Spyglass Documentation
Security on Autopilot for Data Teams.
🌅 What is Spyglass?
Spyglass is a security platform for data teams. Spyglass’s software-as-a-service offers:
Access-as-Code: configure your access rules as code so that they are reviewable, auditable and consistent across environments. This includes GitOps workflows and our integration with GitHub.
Recommendations: let Spyglass be the security expert. Get proactive insights into the health of your data security, and guidance on how to fix common issues focused on the principle of least privilege.
Self-Service: explore your database, its users, and access rules to discover patterns, debug issues, and get a better understanding of “who has access to what.” Additionally, provide your data owners and users with discovery and access workflows.
What does this mean for you and your team?
Data Operators: understand and build access controls, automate governance and provide self-service mechanisms for data owners and users.
Data Owners: understand and control access in your domain and automate compliance.
Data Users: find relevant data and easily get access.
The purpose of Spyglass is to automate security for data teams and enable self-service mechanisms for data owners and consumers.
Easy to Build Access
Import your existing Snowflake access rules to Spyglass and start centrally managing your access as code, complete with versioning and change history.
Automated Governance
Proactive insights, removing the guesswork from security best practices, implementing the principle of least privilege, and streamlining your internal audits.
Enable Self-Service
Quickly visualize your access and role hierarchies, empower your data users to request the right access, and enable business units to manage their own security policy.
🌎 Current
Current provides an overview of your existing users, roles and objects in Snowflake.
The Current page provides the ability to search across your users and roles and click into individual users and roles to go to their summary page.
Additionally, at the bottom of the page you have the ability to manually sync Spyglass to your current Snowflake configurations (without the manual update, Spyglass syncs to connected Snowflake accounts once every 24-hours).
YAML view
Switching the toggle in the top left of the Current page will show your existing configuration in YAML format.
🔍 Explorer
Explorer allows you to search and get insights about your objects, users and roles and makes discovery simple and self-service for users.
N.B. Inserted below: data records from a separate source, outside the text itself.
(* Consider $u_t+\beta u_x=g$ with constant $\beta>0$ and periodic boundary conditions, and an explicit $s$-stage Runge–Kutta method with coefficients $c_{\ell\kappa},d_{\ell\kappa}$ ($0\le\kappa\le\ell\le s-1$, $\sum_{\kappa}c_{\ell\kappa}=1$). Given $u_h^{n,0}=u_h^n\in\mathbb V^k$, time step $\tau$ and source functions $g^{n,\kappa}\in L^2(\Omega)$, the RKSV stages $u_h^{n,\ell+1}\in\mathbb V^k$ are defined by $$(u_h^{n,\ell+1},\omega^* )=\sum_{0\le\kappa\le\ell}\Big(c_{\ell\kappa}(u_h^{n,\kappa},\omega^* )+\tau d_{\ell\kappa}\Big(\sum_i\sum_{j=0}^k\omega^*_{i,j}\big(\hat f^{n,\kappa}_{i,j}-\hat f^{n,\kappa}_{i,j+1}\big)+(g^{n,\kappa},\omega^* )\Big)\Big)\quad\forall\omega^*\in\mathbb V^{k,*},$$ with upwind fluxes $\hat f^{n,\kappa}_{i,j}=\beta u_h^{n,\kappa}(x_{i,j})$ for $1\le j\le k$, $\hat f^{n,\kappa}_{i,0}=\beta u_h^{n,\kappa}(x_{i-\frac12}^-)$, $\hat f^{n,\kappa}_{i,k+1}=\beta u_h^{n,\kappa}(x_{i+\frac12}^-)$, and $u_h^{n+1}=u_h^{n,s}$. Under Assumption (S), these relations are equivalent to: for all $\omega\in\mathbb V^k$ and $\ell=0,\dots,s-1$, $$(u_h^{n,\ell+1},\omega)_*=\sum_{0\le\kappa\le\ell}\Big(c_{\ell\kappa}(u_h^{n,\kappa},\omega)_*+\tau d_{\ell\kappa}\big(\mathcal H^*(u_h^{n,\kappa},\omega)+(g^{n,\kappa},M^*\omega)\big)\Big).$$
   Context: Let $\Omega=[a,b]$ be partitioned into finitely many cells $I_i=[x_{i-\frac12},x_{i+\frac12}]$ with sizes $h_i$; indices are periodic (the point $x_{\frac12}$ is identified with the last interface). $(\cdot,\cdot)$ is the $L^2(\Omega)$ inner product, $(\cdot,\cdot)_{I_i}$ the $L^2(I_i)$ one. $\mathbb V^k=\{v\in L^2(\Omega): v|_{I_i}\in\mathbb P^k(I_i)\ \forall i\}$. Each $I_i$ has subdivision points $x_{i-\frac12}=x_{i,0}<x_{i,1}<\dots<x_{i,k}<x_{i,k+1}=x_{i+\frac12}$, control volumes $I_{i,j}=[x_{i,j},x_{i,j+1}]$, $j=0,\dots,k$; $\mathbb V^{k,*}$ is the space of functions constant on each $I_{i,j}$, $\omega^*_{i,j}$ the value of $\omega^*$ on $I_{i,j}$. On each $I_i$ a quadrature $Q_i^k(v)=\sum_{j=0}^{k+1}A_{i,j}v(x_{i,j})$ is given, error $R_i^k(v)=\int_{I_i}v\,dx-Q_i^k(v)$, exact on $\mathbb P^{k-1}(I_i)$; for piecewise functions, $Q_i^k$ uses the restriction to $I_i$ (endpoint values are limits from inside $I_i$). $M^*:\mathbb V^k\to\mathbb V^{k,*}$: for $v=\omega|_{I_i}$, $(M^*\omega)|_{I_{i,0}}=v(x_{i-\frac12})+A_{i,0}v'(x_{i-\frac12})$ and $(M^*\omega)|_{I_{i,j}}-(M^*\omega)|_{I_{i,j-1}}=A_{i,j}v'(x_{i,j})$, $j=1,\dots,k$. $L_{i,\ell}$ is the shifted Legendre polynomial of degree $\ell$ on $I_i$ with $L_{i,\ell}(x_{i+\frac12})=1$, $(L_{i,\ell},L_{i,m})_{I_i}=\delta_{\ell m}h_i/(2\ell+1)$. Assumption (S): $k\ge1$ and for every $i$, (1) $R_i^k(v)=0$ for all $v\in\mathbb P^{2k-1}(I_i)$, (2) $\frac{h_i}{2k-1}-Q_i^k(L_{i,k+1}L_{i,k-1})>0$; then $(v,\omega)_*:=(v,M^*\omega)$ is an inner product on $\mathbb V^k$. Jumps: $[\![v]\!]_{i+\frac12}=v(x_{i+\frac12}^+)-v(x_{i+\frac12}^-)$. For $\omega\in\mathbb V^k$ and piecewise smooth $v$: $\mathcal H^*(v,\omega)=\beta\Big(\sum_iQ_i^k(v\omega_x)+\sum_iv(x_{i+\frac12}^-)[\![\omega]\!]_{i+\frac12}-\sum_iA_{i,0}\,\omega_x(x_{i-\frac12}^+)[\![v]\!]_{i-\frac12}\Big)$. *)

From HB Require Import structures.
From mathcomp Require Import all_boot all_order all_algebra.
From mathcomp Require Import all_classical all_reals all_analysis.
Set Implicit Arguments. Unset Strict Implicit. Unset Printing Implicit Defensive.
Import Order.TTheory GRing.Theory Num.Theory.
Import numFieldNormedType.Exports.
Local Open Scope classical_set_scope.
Local Open Scope ring_scope.

(* The mesh has N cells I_i, i = 0..N-1 (nat indices, periodic).
   xs i j = x_{i,j} for j = 0..k+1, with xs i 0 = x_{i-1/2}, xs i (k+1) = x_{i+1/2}.
   A piecewise function v in V^k is a family of polynomials v : nat -> {poly R},
   v i being the restriction of v to I_i (only i < N matters).
   A function of V^{k,*} is ws : nat -> nat -> R, ws i j = value on I_{i,j}
   (only i < N, j <= k matter). *)

Section Defs.
Variable R : realType.
Lemma amenable_bdd_lin_regular C F : F `<=` C ->
  amenable_face C F -> bdd_lin_regular_face C F.
Proof.
move=> FC am B [M hB].
have [[f0 Ff0]|F0] := pselect (exists y, F y); last first.
  by exists 1; split=> // x _; rewrite dist_empty // mul1r le_max dist_ge0.
have [k [k_gt0 hk]] := am _ (bounded_enorm_le (2 * M + enorm f0 + 1)).
exists (1 + 2 * k); split=> [|x Bx]; first lra.
set dA := dist x (aff F); set dC := dist x C.
have dA_ge0 : 0 <= dA := dist_ge0 x (aff F).
have dA_le : dA <= Num.max dA dC by rewrite le_max lexx.
have dC_le : dC <= Num.max dA dC by rewrite le_max lexx orbT.
suff : dist x F <= (1 + k) * dA + k * dC by nra.
apply: (@ler_add_small _ _ _ (1 + k)) => [|e e_gt0 e_le1]; first lra.
have [p [Ap xp pM]] := dist_approx_bounded (hB x Bx) (sub_aff Ff0) e_gt0 e_le1.
have := hk p (conj Ap pM).
have := dist_lipschitz x p (ex_intro _ f0 Ff0).
have := dist_lipschitz p x (ex_intro _ f0 (FC _ Ff0)).
rewrite enorm_distC; nra.
Qed.

Lemma bdd_lin_regular_amenable C F :
  bdd_lin_regular_face C F -> amenable_face C F.
Proof.
move=> blr B bB; have [k [k_gt0 hk]] := blr B bB; exists k; split=> // x [Ax Bx].
by have := hk x Bx; rewrite (dist_mem Ax) (max_idPr (dist_ge0 x C)).
Qed.

Lemma bdd_lin_regular_subtransversal C F : F `<=` C ->
  bdd_lin_regular_face C F -> forall xs, F xs -> subtransversal C (aff F) xs.
Proof.
move=> FC blr xs Fxs; split; first by split; [exact: FC | exact: sub_aff].
have [k [k_gt0 hk]] := blr _ (bounded_enorm_le (enorm xs + 1)).
exists 1; split=> //; exists k; split=> // x x_xs.
have xM : enorm x <= enorm xs + 1.
  by have := enorm_triangle x xs 0; rewrite !subr0; lra.
apply: le_trans (dist_subset x _ (ex_intro _ xs Fxs)) _.
  by move=> y Fy; split; [exact: FC | exact: sub_aff].
apply: le_trans (hk x xM) _; apply: ler_wpM2l; first exact: ltW.
by rewrite ge_max lerDr lerDl !dist_ge0.
Qed.

Lemma aff_dist_face_le C F p x (d k : R) : convex_set C -> C p -> F p -> aff F x ->
  0 < d -> 0 <= k ->
  (forall z, aff F z -> enorm (p - z) < d -> dist z F <= k * dist z C) ->
  d * dist x F <=
    d * k * dist x C + 2 * (enorm (x - p) + 1) * (enorm (x - p) - dist x F).
Proof.
move=> cC Cp Fp Ax d_gt0 k_ge0 local.
set D := dist x F; set dC := dist x C.
set r := enorm (x - p); have r_ge0 : 0 <= r := enorm_ge0 _.
(* [t] keeps [z] within [d] of [p] while [1 / t] stays bounded in terms of [r]. *)
set s := d + 2 * (r + 1); have s_gt0 : 0 < s by rewrite /s; lra.
set t := d / s.
have t_gt0 : 0 < t by rewrite divr_gt0.
have ts : t * s = d by rewrite divfK ?gt_eqF.
have t_lt1 : t < 1 by rewrite ltr_pdivrMr // mul1r /s; lra.
have p_z : enorm (p - ((1 - t) *: p + t *: x)) < d.
  rewrite (_ : p - _ = t *: (p - x)); last first.
    by rewrite scalerBl scale1r scalerBr opprD opprB addrA [p + _]addrC subrK.
  by rewrite enormZ gtr0_norm // enorm_distC -ts ltr_pM2l // -/r /s; lra.
have zF := local _ (aff_segment t Fp Ax) p_z.
have := dist_face_segment cC Cp Fp t_gt0 (ltW t_lt1) k_ge0 zF.
rewrite -/D -/dC -/r => D_le.
rewrite -ts (_ : 2 * (r + 1) = s - t * s); last by rewrite ts /s; ring.
nra.
Qed.

Lemma subtransversal_amenable C F : convex_set C -> is_face C F ->
  (forall xs, F xs -> subtransversal C (aff F) xs) -> amenable_face C F.
Proof.
move=> cC fC sub B [M hB]; have [FC _ _ _] := fC.
have [[f0 Ff0]|F0] := pselect (exists y, F y); last first.
  by exists 1; split=> // x _; rewrite dist_empty // mul1r dist_ge0.
have [d [k [d_gt0 k_gt0 hk]]] := uniform_subtransversal (2 * M + enorm f0 + 1) fC sub.
exists k; split=> // x [Ax Bx].
set D := dist x F; have D_ge0 : 0 <= D := dist_ge0 x F.
apply: (@ler_add_small _ _ _ (2 * (D + 2) / d)) => [|e e_gt0 e_le1].
  by rewrite divr_ge0 ?ltW //; lra.
have [p [Fp xp pM]] := dist_approx_bounded (hB x Bx) Ff0 e_gt0 e_le1.
have local z : aff F z -> enorm (p - z) < d -> dist z F <= k * dist z C.
  by move=> Az /(hk _ _ Fp pM); rewrite (dist_mem Az) addr0.
have := aff_dist_face_le cC (FC _ Fp) Fp Ax d_gt0 (ltW k_gt0) local.
rewrite -/D => dD.
rewrite -(ler_pM2l d_gt0) mulrDr.
have -> : d * (e * (2 * (D + 2) / d)) = 2 * (D + 2) * e by field; rewrite gt_eqF.
have := enorm_ge0 (x - p); have := dist_ge0 x C; nra.
Qed.

End FaceRegularity.

Theorem proposition3p2 (R : realType) (n : nat) (C F : set 'rV[R]_n) :
  convex_set C -> is_face C F ->
  (amenable_face C F <-> bdd_lin_regular_face C F) /\
  (bdd_lin_regular_face C F <->
     (forall xs, F xs -> subtransversal C (aff F) xs)).
Proof.
move=> cC fC; have FC : F `<=` C by case: fC.
split; split.
- exact: amenable_bdd_lin_regular.
- exact: bdd_lin_regular_amenable.
- exact: bdd_lin_regular_subtransversal.
- by move=> sub; apply: amenable_bdd_lin_regular => //; exact: subtransversal_amenable.
Qed.
Lemma continuous_energy_slope (F U w : R) : 0 < U -> w < F ->
  {for w, continuous (energy_slope F U)}.
Proof.
move=> U0 wF; apply: continuousB; first by apply: continuousM => //; exact: cst_continuous.
apply: continuousM; first exact: cst_continuous.
apply: continuous_comp.
  by apply: continuousM; [apply: continuousB => //; exact: cst_continuous|exact: cst_continuous].
by apply: continuous_ln; rewrite divr_gt0 // subr_gt0.
Qed.

Lemma energy_slope_lt0_ex (F U : R) : 0 < U -> exists a, a < F /\ energy_slope F U a < 0.
Proof.
move=> U0; pose a := Num.min (F - U) 0 - 1.
have min_FU : Num.min (F - U) 0 <= F - U by rewrite ge_min lexx.
have min_0 : Num.min (F - U) 0 <= 0 by rewrite ge_min lexx orbT.
have aFU : a < F - U by rewrite /a; lra.
have a0 : a < 0 by rewrite /a; lra.
exists a; split; first by lra.
have : 0 < ln ((F - a) / U) by apply: ln_gt0; rewrite ltr_pdivlMr // mul1r; lra.
move/(mulr_gt0 l2_gt0); have := pmulr_rlt0 a l1_gt0; rewrite a0 /energy_slope; lra.
Qed.

Lemma energy_slope_gt0_ex (F U : R) : 0 < U -> exists b, b < F /\ 0 < energy_slope F U b.
Proof.
move=> U0; pose c := l1 * (F - 1) / l2; pose e := Num.min 1 (U * expR c / 2).
have e0 : 0 < e by rewrite lt_min ltr01 /= !mulr_gt0 ?expR_gt0.
have e1 : e <= 1 by rewrite ge_min lexx.
exists (F - e); split; first by lra.
have eU : e / U < expR c.
  have : e <= U * expR c / 2 by rewrite ge_min lexx orbT.
  have := mulr_gt0 U0 (expR_gt0 c); rewrite ltr_pdivrMr //; lra.
have lnc : ln (e / U) < c by rewrite -ltr_expR lnK // posrE divr_gt0.
have l2c : l2 * c = l1 * (F - 1) by rewrite /c; field; exact: lt0r_neq0.
have : l1 * (F - 1) <= l1 * (F - e) by rewrite ler_pM2l // lerD2l lerN2.
rewrite /energy_slope (_ : F - (F - e) = e); last by ring.
by rewrite -(ltr_pM2l l2_gt0) in lnc; lra.
Qed.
This feature allows you to query by object id, user name or role name paired with a specific search term.
The search term bar will allow you to search on partial phrases of objects, users and roles and provide a list of potential query options.
Once you’ve chosen the object, user or role that you’d like to inspect, you will be directed to the access explorer page:
The access explorer page will provide an overview of the object, role or user along with additional filters and a Role Hierarchy for further inspection on how objects, users or roles inherit their permissions.
Add Permissions
The Add Permissions button in the access explorer page allows you to easily adjust privileges in Snowflake.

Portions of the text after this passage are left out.